(* For every nonnegative integer $n$ with $v(n)=0$, the directed graph $A(n)$ is a directed path graph.
   Context: A hyperbinary expansion of a nonnegative integer $n$ is a word $x_0\cdots x_k$ over $\{0,1,2\}$ with $x_0\ne0$ and $\sum_i x_i2^{k-i}=n$. The empty word is the unique hyperbinary expansion of $0$. Write $\mathcal H(n)$ for the set of such expansions and $b(n)=|\mathcal H(n)|$. $A(n)$ is the directed graph on $\mathcal H(n)$ with an arc from $\mathbf x02\mathbf y$ to $\mathbf x10\mathbf y$, from $2\mathbf y$ to $10\mathbf y$, and from $\mathbf x12\mathbf y$ to $\mathbf x20\mathbf y$, for arbitrary words $\mathbf x,\mathbf y$ whenever both endpoints lie in $\mathcal H(n)$. $A(n)$ is connected. $v(n)$ denotes the cyclomatic number of $A(n)$: (number of arcs) $-\,b(n)+1$. A directed path graph is a graph whose vertices can be listed $u_0,\dots,u_k$ so that its arcs are exactly $(u_{i-1},u_i)$ for $1\le i\le k$. *)

From mathcomp Require Import all_boot all_algebra.
Set Implicit Arguments. Unset Strict Implicit. Unset Printing Implicit Defensive.

(* Words are sequences of naturals; x_0 is the head. *)

Definition wval (w : seq nat) : nat := foldl (fun acc d => 2 * acc + d) 0 w.

Definition hyp (n : nat) (w : seq nat) : bool :=
  [&& all (fun d => d <= 2) w, (w == [::]) || (head 0 w != 0) & wval w == n].

Fixpoint words (k : nat) : seq (seq nat) :=
  if k is k'.+1 then [::] :: [seq d :: w | d <- [:: 0; 1; 2], w <- words k']
  else [:: [::]].

(* H(n): every hyperbinary expansion of n has length <= n
   (x_0 >= 1 forces 2^k <= n), so this lists all of H(n). *)
Definition Hset (n : nat) : seq (seq nat) := [seq w <- words n | hyp n w].

Definition b (n : nat) : nat := size (Hset n).

(* u = x ++ a ++ y and w = x ++ c ++ y for some words x, y *)
Definition rewr (a c : seq nat) (u w : seq nat) : bool :=
  has (fun i => (u == take i u ++ a ++ drop (i + size a) u) &&
                (w == take i u ++ c ++ drop (i + size a) u))
      (iota 0 (size u).+1).

(* arcs  x02y -> x10y,  2y -> 10y,  x12y -> x20y *)
Definition arc (u w : seq nat) : bool :=
  [|| rewr [:: 0; 2] [:: 1; 0] u w,
      (u == 2 :: behead u) && (w == [:: 1; 0] ++ behead u)
    | rewr [:: 1; 2] [:: 2; 0] u w].

Definition narcs (n : nat) : nat :=
  count (fun p => arc p.1 p.2) [seq (u, w) | u <- Hset n, w <- Hset n].

Definition v (n : nat) : int := (narcs n)%:Z - (b n)%:Z + 1.

Definition is_directed_path_graph (n : nat) : Prop :=
  exists s : seq (seq nat),
    [/\ uniq s,
        (forall w, (w \in s) = hyp n w) &
        (forall u w, hyp n u -> hyp n w ->
           (arc u w <-> exists i, [/\ i.+1 < size s,
                                     nth [::] s i = u & nth [::] s i.+1 = w]))].

(* An expansion containing a 2 has an out-arc (rewrite its leftmost 2) and
   one containing a 0 has an in-arc (rewrite its leftmost 0), while at most one
   expansion avoids the digit 2 (the binary one) and at most one avoids 0.
   When v(n) = 0 there are b(n) - 1 arcs, so summing out-degrees (resp.
   in-degrees) over the vertices forces every out- and in-degree to be at most
   1, and the sink of A(n) is unique.  Arcs increase the base-3 reading of a
   word, so A(n) is acyclic, and an acyclic graph with these properties is a
   directed path: remove its sink and induct. *)

From Pilot Require Import Defs.
From mathcomp Require Import all_boot all_algebra zify.
Set Implicit Arguments. Unset Strict Implicit.

Lemma count_sum (I : Type) (p : pred I) (s : seq I) : count p s = \sum_(x <- s) p x.
Proof. by rewrite -sum1_count big_mkcond; apply: eq_bigr => x _; case: (p x). Qed.

Lemma count_allpairsl (S U : Type) (r : S -> U -> bool) s t :
  count (fun p => r p.1 p.2) [seq (x, y) | x <- s, y <- t] =
  \sum_(x <- s) count (r x) t.
Proof. by rewrite count_sum big_allpairs; apply: eq_bigr => x _; rewrite count_sum. Qed.

Lemma count_allpairsr (S U : Type) (r : S -> U -> bool) s t :
  count (fun p => r p.1 p.2) [seq (x, y) | x <- s, y <- t] =
  \sum_(y <- t) count (r^~ y) s.
Proof.
rewrite count_sum big_allpairs exchange_big.
by apply: eq_bigr => y _; rewrite count_sum.
Qed.

Section SeqCounting.
Variable T : eqType.

Lemma count_le1_eq (p : pred T) s x y :
  count p s <= 1 -> x \in s -> y \in s -> p x -> p y -> x = y.
Proof.
move=> c1 xs ys px py.
have: x \in filter p s by rewrite mem_filter px.
have: y \in filter p s by rewrite mem_filter py.
by move: c1; rewrite -size_filter; case: (filter p s) => [|z [|]] //= _;
  rewrite !inE => /eqP-> /eqP->.
Qed.

Lemma count_le1_uniq (p : pred T) s :
  uniq s -> {in s &, forall x y, p x -> p y -> x = y} -> count p s <= 1.
Proof.
move=> us p_inj; rewrite -size_filter.
case ps: (filter p s) => [|x t] //.
have: x \in filter p s by rewrite ps mem_head.
rewrite mem_filter -ps => /andP[px xs].
apply: (@uniq_leq_size _ _ [:: x]); first exact: filter_uniq.
by move=> y; rewrite mem_filter inE => /andP[py ys]; apply/eqP/p_inj.
Qed.

Lemma le1_of_sum_eq_pred_size (f : T -> nat) s :
  uniq s -> \sum_(x <- s) f x + 1 = size s ->
  {in s &, forall x y, f x = 0 -> f y = 0 -> x = y} -> {in s, forall x, f x <= 1}.
Proof.
move=> us sum_f f0_inj x xs.
have zeros : count (fun y => f y == 0) s <= 1.
  by apply: count_le1_uniq => // y z ys zs /eqP fy /eqP fz; apply: f0_inj.
have rem_bound : size (rem x s) <= \sum_(y <- rem x s) (f y + (f y == 0)).
  by rewrite -sum1_size; apply: leq_sum => y _; case: (f y).
have split_x : \sum_(y <- s) (f y + (f y == 0)) =
                f x + (f x == 0) + \sum_(y <- rem x s) (f y + (f y == 0)).
  exact: big_rem.
move: rem_bound zeros sum_f split_x.
rewrite size_rem // count_sum !big_split /=.
have : 0 < size s by case: (s) xs.
lia.
Qed.

Lemma seq_argmax (F : T -> nat) s :
  s != [::] -> exists2 m, m \in s & {in s, forall x, F x <= F m}.
Proof.
elim: s => // y s IH _.
have [->|/IH[m ms m_max]] := eqVneq s [::].
  by exists y => [|x]; rewrite ?mem_head // inE => /eqP->.
have [le_ym|lt_my] := leqP (F y) (F m).
  by exists m => [|x]; rewrite inE ?ms ?orbT // => /predU1P[->|/m_max].
exists y => [|x]; first exact: mem_head.
by rewrite inE => /predU1P[->//|/m_max]; lia.
Qed.

End SeqCounting.

Section PathOrder.
Variables (T : eqType) (e : rel T).

Definition adj_pairs (s : seq T) := zip s (behead s).

Lemma mem_adj_pairs_nth d s u w : (u, w) \in adj_pairs s <->
  exists i, [/\ i.+1 < size s, nth d s i = u & nth d s i.+1 = w].
Proof.
rewrite /adj_pairs; split.
- case/(nthP (d, d)) => i; rewrite size_zip size_behead => hi.
  rewrite nth_zip_cond size_zip size_behead hi nth_behead => -[<- <-].
  by exists i; split => //; lia.
- case=> i [hi <- <-]; apply/(nthP (d, d)); exists i;
    rewrite ?nth_zip_cond size_zip size_behead ?nth_behead ?ifT //; lia.
Qed.

Lemma mem_adj_pairs s u w : (u, w) \in adj_pairs s -> (u \in s) && (w \in s).
Proof.
case/(mem_adj_pairs_nth u) => i [hi <- <-].
by rewrite !mem_nth // ltnW.
Qed.

Lemma adj_pairs_rcons x s y :
  adj_pairs (rcons (x :: s) y) = rcons (adj_pairs (x :: s)) (last x s, y).
Proof. by elim: s x => //= z s IH x; rewrite -IH. Qed.

Lemma adj_pairs_last x s w : uniq (x :: s) -> (last x s, w) \notin adj_pairs (x :: s).
Proof.
elim: s x => //= z s IH x /andP[xzs uzs].
rewrite in_cons negb_or IH // andbT xpair_eqE negb_and.
by apply/orP; left; apply: contraNneq xzs => <-; apply: mem_last.
Qed.

Definition path_order_of (V s : seq T) :=
  [/\ uniq s, s =i V & {in V &, forall u w, e u w = ((u, w) \in adj_pairs s)}].

Lemma sink_of_rem_sink V t x : uniq V ->
  {in V &, forall t1 t2, ~~ has (e t1) V -> ~~ has (e t2) V -> t1 = t2} ->
  t \in V -> ~~ has (e t) V -> x \in rem t V -> ~~ has (e x) (rem t V) -> e x t.
Proof.
move=> uV sink1 tV t_sink xV' x_sink'; have xV := mem_rem xV'.
have /hasP[w wV exw] : has (e x) V.
  apply: contraT => x_sink.
  by rewrite (sink1 x t) ?mem_rem_uniqF in xV'.
have [<-//|wt] := eqVneq w t.
by case/hasP: x_sink'; exists w; rewrite // mem_rem_uniq // inE wt.
Qed.

Lemma path_order_rcons V t s : uniq V ->
  {in V & &, forall u1 u2 w, e u1 w -> e u2 w -> u1 = u2} ->
  t \in V -> ~~ has (e t) V ->
  (forall x, x \in rem t V -> ~~ has (e x) (rem t V) -> e x t) ->
  path_order_of (rem t V) s -> path_order_of V (rcons s t).
Proof.
move=> uV in1 tV t_sink to_t [us sV' e_s].
have memV' y : (y \in rem t V) = (y != t) && (y \in V) by rewrite mem_rem_uniq.
have ts : t \notin s by rewrite sV' memV' eqxx.
have memV y : (y \in V) = (y == t) || (y \in s).
  by rewrite sV' memV'; case: eqVneq => [->|].
case: s us sV' e_s ts memV => [|x s] us sV' e_s ts memV.
  split=> [//|y|u w]; first by rewrite memV in_nil orbF inE.
  rewrite !memV !in_nil !orbF => /eqP-> /eqP->.
  exact/negbTE/(hasPn t_sink).
have last_to_t : e (last x s) t.
  have lastV' : last x s \in rem t V by rewrite -sV' mem_last.
  apply: to_t => //; apply/hasPn => w; rewrite -sV' => ws.
  by rewrite e_s -?sV' ?mem_last //; apply: adj_pairs_last.
split=> [|y|u w hu hw]; first by rewrite rcons_uniq ts us.
  by rewrite mem_rcons in_cons memV.
rewrite adj_pairs_rcons mem_rcons in_cons xpair_eqE.
have notin_pairs y z : (y \notin x :: s) || (z \notin x :: s) ->
    (y, z) \notin adj_pairs (x :: s).
  by apply: contraL => /mem_adj_pairs/andP[-> ->].
have [->|wt] := eqVneq w t.
  rewrite andbT (negbTE (notin_pairs u t _)) ?ts ?orbT // orbF.
  apply/idP/eqP => [eut|->//].
  by apply: (in1 u (last x s) t) => //; rewrite memV mem_last orbT.
rewrite andbF /=; have [->|ut] := eqVneq u t.
  by rewrite (negbTE (hasPn t_sink w hw)) (negbTE (notin_pairs t w _)) ?ts.
by apply: e_s; rewrite memV' ?ut ?wt.
Qed.

Variable P : T -> nat.
Hypothesis e_mono : forall u w, e u w -> P u < P w.

Lemma exists_sink V : V != [::] -> exists2 t, t \in V & ~~ has (e t) V.
Proof.
case/(seq_argmax P) => t tV t_max; exists t => //.
by apply/hasPn => w /t_max; apply: contraTN => /e_mono; rewrite -ltnNge.
Qed.

Lemma path_order V : uniq V ->
  {in V & &, forall u w1 w2, e u w1 -> e u w2 -> w1 = w2} ->
  {in V & &, forall u1 u2 w, e u1 w -> e u2 w -> u1 = u2} ->
  {in V &, forall t1 t2, ~~ has (e t1) V -> ~~ has (e t2) V -> t1 = t2} ->
  exists s, path_order_of V s.
Proof.
move sizeV: (size V) => k; elim: k V sizeV => [|k IH] V.
  by move/size0nil->; exists [::].
move=> sizeV uV out1 in1 sink1.
have [t tV t_sink] : exists2 t, t \in V & ~~ has (e t) V.
  by apply: exists_sink; rewrite -size_eq0 sizeV.
have remV : {subset rem t V <= V} := @mem_rem _ t V.
have to_t := sink_of_rem_sink uV sink1 tV t_sink.
have [s s_order] : exists s, path_order_of (rem t V) s.
  apply: IH; first by rewrite size_rem // sizeV.
  - exact: rem_uniq.
  - by move=> u w1 w2 /remV hu /remV h1 /remV h2; apply: out1.
  - by move=> u1 u2 w /remV h1 /remV h2 /remV hw; apply: in1.
  - move=> t1 t2 h1 h2 s1 s2.
    exact: in1 (remV _ h1) (remV _ h2) tV (to_t _ h1 s1) (to_t _ h2 s2).
by exists (rcons s t); apply: path_order_rcons.
Qed.
End PathOrder.

Definition push_digit (B acc d : nat) := B * acc + d.

Lemma wvalE w : wval w = foldl (push_digit 2) 0 w.
Proof. by []. Qed.

Lemma foldl_push_digit_ge B a t : a * B ^ size t <= foldl (push_digit B) a t.
Proof.
elim: t a => [|d t IH] a /=; first by rewrite muln1.
by have := IH (push_digit B a d); rewrite /push_digit expnS; nia.
Qed.
Theorem theorem2 (R : realType) (n m : nat)
  (X : set 'rV[R]_n) (Y : set 'rV[R]_m) (D : R)
  (f : 'rV[R]_n -> 'rV[R]_m -> R) (gx : 'rV[R]_n -> 'rV[R]_m -> 'rV[R]_n)
  (proj : 'rV[R]_n -> 'rV[R]_n) (lam mu eps : R)
  (x0 : 'rV[R]_n) (yh : 'rV[R]_m) (T : nat) :
  (* standing assumptions *)
  convex_in X -> interior X !=set0 -> closed X ->
  convex_in Y -> interior Y !=set0 -> compact Y ->
  (forall y y', Y y -> Y y' -> enorm (y - y') <= D) ->
  (* phi(x) = max_{y in Y} f(x,y) is attained *)
  (forall x, X x -> exists2 y, Y y & forall y', Y y' -> f x y' <= f x y) ->
  (* (A1) *)
  0 < lam -> 0 <= mu ->
  (forall x y, X x -> Y y -> is_grad_within X (fun u => f u y) x (gx x y)) ->
  (forall x x' y y', X x -> X x' -> Y y -> Y y' ->
     enorm (gx x' y' - gx x y) <= lam * enorm (x' - x) + mu * enorm (y' - y)) ->
  (* Pi_X *)
  is_proj X proj ->
  (* algorithm input *)
  X x0 -> Y yh -> 0 < eps ->
  ((300 * lam / eps ^+ 2)%:E * ((phimax f Y x0)%:E - psimin f X yh) <= (T%:R)%:E)%E ->
  let xs := alg1 gx proj x0 yh lam^-1 T in
  (exists2 g, is_grad_within setT (moreau X (fun x => f x yh) (2 * lam)) xs g
            & enorm g <= eps / 6) /\
  (24 * mu * D <= eps ->
   exists2 g, is_grad_within setT (moreau X (phimax f Y) (2 * lam)) xs g
            & enorm g <= eps).
Proof.
move=> convX _ closedX _ _ _ diamY f_max lam0 mu0 f_grad gx_lip projX Xx0 Yyh eps0 HT xs.
have [r Sr r_small] := alg1_stationarity convX lam0 f_grad gx_lip projX Xx0 Yyh f_max eps0 HT.
have Xne : X !=set0 by exists x0.
have [xh Xxh xh_min] := f_prox_exists convX closedX lam0 f_grad gx_lip xs Xne Yyh.
have [xt Xxt xt_min] := phimax_prox_exists convX closedX lam0 f_grad gx_lip f_max xs Xne.
have xs_xh := prox_dist_le_stationarity convX lam0 f_grad gx_lip Yyh Sr Xxh xh_min.
have xh_xt := prox_f_phimax_dist_le convX lam0 f_grad gx_lip f_max mu0 diamY Yyh Xxh Xxt
  xh_min xt_min.
have r0 : 0 <= r by case: Sr => _ [].
have r_eps : 2 * r <= eps / 6.
  rewrite -ler_sqr ?nnegrE ?mulr_ge0 ?divr_ge0 ?(ltW eps0) //.
  by have := sqr_ge0 eps; lra.
have grad_norm z : enorm ((2 * lam) *: (xs - z)) = 2 * lam * enorm (xs - z).
  by rewrite enormZ ger0_norm // mulr_ge0 // ltW.
split.
  exists ((2 * lam) *: (xs - xh)).
    exact (moreau_grad convX lam0 (f_wconvex convX lam0 f_grad gx_lip Yyh) Xxh xh_min).
  by rewrite grad_norm; lra.
move=> muD; exists ((2 * lam) *: (xs - xt)).
  exact (moreau_grad convX lam0 (phimax_wconvex convX lam0 f_grad gx_lip f_max) Xxt xt_min).
have := ler_enormD (xs - xh) (xh - xt); rewrite addrA subrK grad_norm => tri.
have := ler_wpM2l (ltW lam0) tri; lra.
Qed.
Lemma ear_coloring_proper t y1 y2 : erel_in e S t y1 -> erel_in e S t y2 ->
  y1 != y2 -> ear_coloring t y1 != ear_coloring t y2.
Proof.
move=> H1 H2 y12.
have [T1|T1] := boolP ((t \in s) || (y1 \in s));
  have [T2|T2] := boolP ((t \in s) || (y2 \in s)).
- have [j1 j1m E1] := ear_edge_touching H1 T1.
  have [j2 j2m E2] := ear_edge_touching H2 T2.
  rewrite (ear_coloring_edge j1m E1) (ear_coloring_edge j2m E2).
  case: E1 => [[t1 e1] | [e1 t1]]; case: E2 => [[t2 e2] | [e2 t2]];
    rewrite t1 in t2.
  + by move: y12; rewrite e1 e2 (nth_ear_inj (leqW j1m) (leqW j2m) t2) eqxx.
  + have E := nth_ear_inj (leqW j1m) (j2m : j2 < m.+1) t2.
    by rewrite E in j1m *; rewrite eq_sym f_adj.
  + have E := nth_ear_inj (j1m : j1 < m.+1) (leqW j2m) t2.
    by rewrite -E in j2m *; rewrite f_adj.
  + have /succn_inj E := nth_ear_inj (j1m : j1 < m.+1) (j2m : j2 < m.+1) t2.
    by move: y12; rewrite e1 e2 E eqxx.
- exact: ear_coloring_end.
- by rewrite eq_sym; apply: ear_coloring_end.
- have [_ _ col'_proper _] := col'_ok.
  rewrite !ear_coloring_off_ear //; apply: col'_proper y12;
    apply: erel_in_off_ear; by [case/norP: T1 | case/norP: T2].
Qed.

Lemma ear_colors_on_cycle c j : is_cycle (erel_in e S) c -> has (mem c) s ->
  j <= m -> f j \in cycle_colors ear_coloring c.
Proof.
move=> Hc meets jm; have P_c := ear_in_cycle Hc meets.
have on_c k : k <= m.+1 -> nth x P k \in c.
  by move=> km; apply: P_c; rewrite mem_nth // size_ear.
have /and3P[ajS bjS ej] := ear_edge jm.
have [colF colB] : ear_coloring (nth x P j) (nth x P j.+1) = f j /\
                   ear_coloring (nth x P j.+1) (nth x P j) = f j.
  split; [exact: ear_coloring_edge jm (or_introl (conj erefl erefl))|].
  exact: ear_coloring_edge jm (or_intror (conj erefl erefl)).
have [j0|j0] := posnP j.
- rewrite -colB; apply: mem_cycle_colors Hc _ _ ajS _ _; rewrite ?colF //.
  + exact: on_c (jm : j < m.+1).
  + by rewrite ear_internal_deg // nth_ear_internal // j0.
  + by rewrite e_sym.
- rewrite -colF; apply: mem_cycle_colors Hc _ _ bjS ej _; rewrite ?colB //.
  + exact: on_c (leqW jm).
  + by rewrite ear_internal_deg // nth_ear_internal // j0.
Qed.

Lemma ear_coloring_cycle c : is_cycle (erel_in e S) c ->
  minn (size c) r <= size (undup (cycle_colors ear_coloring c)).
Proof.
move=> Hc; have [Uc _ _] := is_cycleP Hc; have [_ _ _ col'_cycle] := col'_ok.
have [meets | off] := boolP (has (mem c) s).
  apply: leq_trans (geq_minr _ _) (leq_trans f_colors _).
  apply: uniq_leq_size (undup_uniq _) _ => z; rewrite !mem_undup.
  by case/mapP=> j; rewrite mem_iota add0n ltnS => jm ->; apply: ear_colors_on_cycle.
have off_s v : v \in c -> v \notin s.
  by move=> vc; apply: contra off => vs; apply/hasP; exists v.
rewrite (@cycle_colors_eq_in _ col' c Uc).
  apply/col'_cycle/(cycle_in_sub Hc)/allP => u uc /=.
  by rewrite !inE (cycle_in_mem Hc uc) off_s.
by move=> u w uc wc; rewrite ear_coloring_off_ear // negb_or !off_s.
Qed.
Lemma walk_weight_tree_dist x p : path e x p -> uniq (x :: p) ->
  walk_weight w x p = tree_dist x (last x p).
Proof. by move=> xp up; rewrite /tree_dist cut_dist_path //; lra. Qed.

Lemma beyond_nested s1 t1 s2 t2 : e s1 t1 ->
  exists side, forall x y, beyond (s1, t1) x = side -> beyond (s1, t1) y = side ->
    beyond (s2, t2) x = beyond (s2, t2) y.
Proof.
move=> e1.
have stay u x : connect (del_edge s1 t1) u x -> ~~ connect (del_edge s1 t1) u t2 ->
    beyond (s2, t2) x = beyond (s2, t2) u.
  move=> ux ut2; apply/esym/same_connect_r; first exact: connect_del_edge_sym.
  by apply: connect_del_edge_avoid ut2 ux => a b /andP [].
have [t2_beyond|t2_near] := boolP (beyond (s1, t1) t2).
  exists false => x y xF yF.
  have near z : beyond (s1, t1) z = false -> connect (del_edge s1 t1) s1 z.
    by move=> zF; rewrite del_edge_sides //; apply/negbT: zF.
  have s1t2 : ~~ connect (del_edge s1 t1) s1 t2 by rewrite del_edge_sides // negbK.
  by rewrite (stay s1 x (near x xF) s1t2) (stay s1 y (near y yF) s1t2).
exists true => x y xT yT.
by rewrite (stay t1 x xT t2_near) (stay t1 y yT t2_near).
Qed.

Definition splits (st : N * N) (a b c d : N) : bool :=
  [&& beyond st a == beyond st b, beyond st c == beyond st d & beyond st a != beyond st c].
━━━━━━━━━━━━━━━━
[WHAT TO DO]: Retype exactly, and only, the lines above from the one where "Lemma seq_argmax (F" occurs up to and including the one where "rewrite /adj_pairs; split." occurs.

[SOLUTION FOR THIS EXERCISE]:
Lemma seq_argmax (F : T -> nat) s :
  s != [::] -> exists2 m, m \in s & {in s, forall x, F x <= F m}.
Proof.
elim: s => // y s IH _.
have [->|/IH[m ms m_max]] := eqVneq s [::].
  by exists y => [|x]; rewrite ?mem_head // inE => /eqP->.
have [le_ym|lt_my] := leqP (F y) (F m).
  by exists m => [|x]; rewrite inE ?ms ?orbT // => /predU1P[->|/m_max].
exists y => [|x]; first exact: mem_head.
by rewrite inE => /predU1P[->//|/m_max]; lia.
Qed.

End SeqCounting.

Section PathOrder.
Variables (T : eqType) (e : rel T).

Definition adj_pairs (s : seq T) := zip s (behead s).

Lemma mem_adj_pairs_nth d s u w : (u, w) \in adj_pairs s <->
  exists i, [/\ i.+1 < size s, nth d s i = u & nth d s i.+1 = w].
Proof.
rewrite /adj_pairs; split.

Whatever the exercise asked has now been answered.